→ TASK STATEMENT
Copy out the entries below exactly as they stand, but only from the line containing "(if Nat.leb ma M then block_prob" through the line containing "assert (0 <= sumR".

(Beginning of DATA SHOWN)

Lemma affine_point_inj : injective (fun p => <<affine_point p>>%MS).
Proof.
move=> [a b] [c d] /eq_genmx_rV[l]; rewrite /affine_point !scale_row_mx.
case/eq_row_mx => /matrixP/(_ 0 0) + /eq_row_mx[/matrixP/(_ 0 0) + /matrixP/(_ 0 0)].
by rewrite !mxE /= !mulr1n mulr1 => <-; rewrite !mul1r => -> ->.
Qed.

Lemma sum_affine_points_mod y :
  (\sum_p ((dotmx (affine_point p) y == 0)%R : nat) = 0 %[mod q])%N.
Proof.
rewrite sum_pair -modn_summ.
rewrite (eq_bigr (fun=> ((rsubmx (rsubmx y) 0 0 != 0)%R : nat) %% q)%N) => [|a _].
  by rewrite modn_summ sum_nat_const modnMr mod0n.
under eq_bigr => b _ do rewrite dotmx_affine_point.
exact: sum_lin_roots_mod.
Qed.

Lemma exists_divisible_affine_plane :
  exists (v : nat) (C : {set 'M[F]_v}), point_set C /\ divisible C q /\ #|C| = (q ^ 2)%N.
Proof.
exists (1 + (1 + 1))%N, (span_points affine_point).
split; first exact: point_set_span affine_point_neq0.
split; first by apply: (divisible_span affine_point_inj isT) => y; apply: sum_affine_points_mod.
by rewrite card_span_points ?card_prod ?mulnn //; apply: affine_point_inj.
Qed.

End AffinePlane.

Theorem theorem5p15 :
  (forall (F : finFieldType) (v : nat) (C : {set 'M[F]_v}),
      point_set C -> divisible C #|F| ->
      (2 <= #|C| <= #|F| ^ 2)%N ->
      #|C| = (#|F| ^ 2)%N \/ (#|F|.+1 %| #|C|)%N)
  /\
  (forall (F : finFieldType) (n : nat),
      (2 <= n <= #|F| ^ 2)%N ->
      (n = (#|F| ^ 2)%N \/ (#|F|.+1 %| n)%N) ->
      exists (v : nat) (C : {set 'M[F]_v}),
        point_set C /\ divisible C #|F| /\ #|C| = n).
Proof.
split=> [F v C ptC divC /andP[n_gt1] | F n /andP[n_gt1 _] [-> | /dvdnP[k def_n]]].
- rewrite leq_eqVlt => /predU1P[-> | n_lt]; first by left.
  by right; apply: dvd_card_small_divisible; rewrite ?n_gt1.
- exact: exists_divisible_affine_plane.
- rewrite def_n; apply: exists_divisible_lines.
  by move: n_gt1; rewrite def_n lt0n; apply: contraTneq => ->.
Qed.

(End of DATA SHOWN)
(Beginning of DATA SHOWN)

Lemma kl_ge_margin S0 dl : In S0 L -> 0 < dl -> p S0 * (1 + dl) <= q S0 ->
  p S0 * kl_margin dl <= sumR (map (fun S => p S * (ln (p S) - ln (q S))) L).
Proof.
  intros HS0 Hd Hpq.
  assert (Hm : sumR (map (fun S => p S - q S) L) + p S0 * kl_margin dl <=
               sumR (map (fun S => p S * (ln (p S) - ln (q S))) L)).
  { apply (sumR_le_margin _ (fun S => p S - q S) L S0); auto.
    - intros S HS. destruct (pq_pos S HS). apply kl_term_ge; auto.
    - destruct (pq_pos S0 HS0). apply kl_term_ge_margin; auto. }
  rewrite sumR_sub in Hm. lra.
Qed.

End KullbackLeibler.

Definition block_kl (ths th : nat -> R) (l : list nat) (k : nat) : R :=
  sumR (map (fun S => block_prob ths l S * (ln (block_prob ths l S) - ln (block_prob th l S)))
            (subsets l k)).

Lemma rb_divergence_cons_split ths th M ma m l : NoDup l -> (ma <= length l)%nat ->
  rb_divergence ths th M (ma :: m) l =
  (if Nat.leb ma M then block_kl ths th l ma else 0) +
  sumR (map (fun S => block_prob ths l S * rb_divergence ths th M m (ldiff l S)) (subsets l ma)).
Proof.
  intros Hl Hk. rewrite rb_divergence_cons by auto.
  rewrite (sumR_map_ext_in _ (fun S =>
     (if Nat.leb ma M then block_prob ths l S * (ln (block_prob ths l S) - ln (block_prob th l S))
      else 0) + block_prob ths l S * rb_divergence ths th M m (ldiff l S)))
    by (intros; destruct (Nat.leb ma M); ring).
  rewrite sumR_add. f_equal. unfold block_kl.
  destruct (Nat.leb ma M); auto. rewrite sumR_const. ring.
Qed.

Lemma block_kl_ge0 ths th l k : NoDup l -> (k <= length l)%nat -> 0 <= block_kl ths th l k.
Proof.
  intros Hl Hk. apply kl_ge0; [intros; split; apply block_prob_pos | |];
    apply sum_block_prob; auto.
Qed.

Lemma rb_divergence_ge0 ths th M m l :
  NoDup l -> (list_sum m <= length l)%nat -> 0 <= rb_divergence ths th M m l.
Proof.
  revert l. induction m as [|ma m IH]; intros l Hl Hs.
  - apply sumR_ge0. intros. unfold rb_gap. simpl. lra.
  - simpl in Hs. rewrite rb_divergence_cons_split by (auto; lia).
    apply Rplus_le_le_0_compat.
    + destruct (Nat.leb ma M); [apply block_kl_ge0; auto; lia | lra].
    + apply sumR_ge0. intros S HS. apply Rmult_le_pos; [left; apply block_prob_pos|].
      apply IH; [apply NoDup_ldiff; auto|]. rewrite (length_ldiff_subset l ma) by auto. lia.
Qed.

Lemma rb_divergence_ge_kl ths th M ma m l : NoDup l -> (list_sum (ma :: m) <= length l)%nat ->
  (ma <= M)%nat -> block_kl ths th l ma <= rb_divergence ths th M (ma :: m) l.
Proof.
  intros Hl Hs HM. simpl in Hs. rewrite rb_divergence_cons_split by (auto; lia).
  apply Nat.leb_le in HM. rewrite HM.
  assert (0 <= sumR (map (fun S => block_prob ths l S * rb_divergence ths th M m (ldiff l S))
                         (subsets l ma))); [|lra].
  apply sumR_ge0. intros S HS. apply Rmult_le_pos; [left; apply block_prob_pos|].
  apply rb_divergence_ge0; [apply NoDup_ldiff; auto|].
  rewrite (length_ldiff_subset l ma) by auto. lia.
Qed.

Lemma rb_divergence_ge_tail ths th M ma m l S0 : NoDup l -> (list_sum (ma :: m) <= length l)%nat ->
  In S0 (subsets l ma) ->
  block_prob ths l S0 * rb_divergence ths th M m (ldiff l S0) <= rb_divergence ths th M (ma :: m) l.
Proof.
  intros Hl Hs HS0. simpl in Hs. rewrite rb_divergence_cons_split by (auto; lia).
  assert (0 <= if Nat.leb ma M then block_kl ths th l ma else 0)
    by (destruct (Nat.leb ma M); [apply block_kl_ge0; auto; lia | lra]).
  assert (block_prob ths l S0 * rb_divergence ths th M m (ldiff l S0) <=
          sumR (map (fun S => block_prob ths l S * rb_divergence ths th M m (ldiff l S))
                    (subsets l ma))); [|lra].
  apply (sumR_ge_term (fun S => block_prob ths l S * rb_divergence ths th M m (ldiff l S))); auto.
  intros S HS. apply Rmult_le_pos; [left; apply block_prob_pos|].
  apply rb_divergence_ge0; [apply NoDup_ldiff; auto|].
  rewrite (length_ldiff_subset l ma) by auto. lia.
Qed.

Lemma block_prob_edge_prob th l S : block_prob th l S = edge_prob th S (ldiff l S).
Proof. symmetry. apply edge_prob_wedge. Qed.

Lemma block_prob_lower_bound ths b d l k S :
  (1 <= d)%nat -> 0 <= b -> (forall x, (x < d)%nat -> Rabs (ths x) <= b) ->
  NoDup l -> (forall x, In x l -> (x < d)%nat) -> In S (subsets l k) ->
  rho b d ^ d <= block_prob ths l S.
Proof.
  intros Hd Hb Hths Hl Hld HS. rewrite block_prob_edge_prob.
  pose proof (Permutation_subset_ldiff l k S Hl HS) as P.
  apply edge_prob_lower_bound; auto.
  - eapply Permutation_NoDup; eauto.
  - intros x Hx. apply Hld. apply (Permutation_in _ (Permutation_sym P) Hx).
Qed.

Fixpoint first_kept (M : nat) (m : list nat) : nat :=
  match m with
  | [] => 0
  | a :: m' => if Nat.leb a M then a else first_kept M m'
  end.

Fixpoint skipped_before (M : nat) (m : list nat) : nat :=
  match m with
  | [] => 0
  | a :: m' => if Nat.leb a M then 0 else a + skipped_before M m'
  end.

(End of DATA SHOWN)

→ FINAL ANSWER
     (if Nat.leb ma M then block_prob ths l S * (ln (block_prob ths l S) - ln (block_prob th l S))
      else 0) + block_prob ths l S * rb_divergence ths th M m (ldiff l S)))
    by (intros; destruct (Nat.leb ma M); ring).
  rewrite sumR_add. f_equal. unfold block_kl.
  destruct (Nat.leb ma M); auto. rewrite sumR_const. ring.
Qed.

Lemma block_kl_ge0 ths th l k : NoDup l -> (k <= length l)%nat -> 0 <= block_kl ths th l k.
Proof.
  intros Hl Hk. apply kl_ge0; [intros; split; apply block_prob_pos | |];
    apply sum_block_prob; auto.
Qed.

Lemma rb_divergence_ge0 ths th M m l :
  NoDup l -> (list_sum m <= length l)%nat -> 0 <= rb_divergence ths th M m l.
Proof.
  revert l. induction m as [|ma m IH]; intros l Hl Hs.
  - apply sumR_ge0. intros. unfold rb_gap. simpl. lra.
  - simpl in Hs. rewrite rb_divergence_cons_split by (auto; lia).
    apply Rplus_le_le_0_compat.
    + destruct (Nat.leb ma M); [apply block_kl_ge0; auto; lia | lra].
    + apply sumR_ge0. intros S HS. apply Rmult_le_pos; [left; apply block_prob_pos|].
      apply IH; [apply NoDup_ldiff; auto|]. rewrite (length_ldiff_subset l ma) by auto. lia.
Qed.

Lemma rb_divergence_ge_kl ths th M ma m l : NoDup l -> (list_sum (ma :: m) <= length l)%nat ->
  (ma <= M)%nat -> block_kl ths th l ma <= rb_divergence ths th M (ma :: m) l.
Proof.
  intros Hl Hs HM. simpl in Hs. rewrite rb_divergence_cons_split by (auto; lia).
  apply Nat.leb_le in HM. rewrite HM.
  assert (0 <= sumR (map (fun S => block_prob ths l S * rb_divergence ths th M m (ldiff l S))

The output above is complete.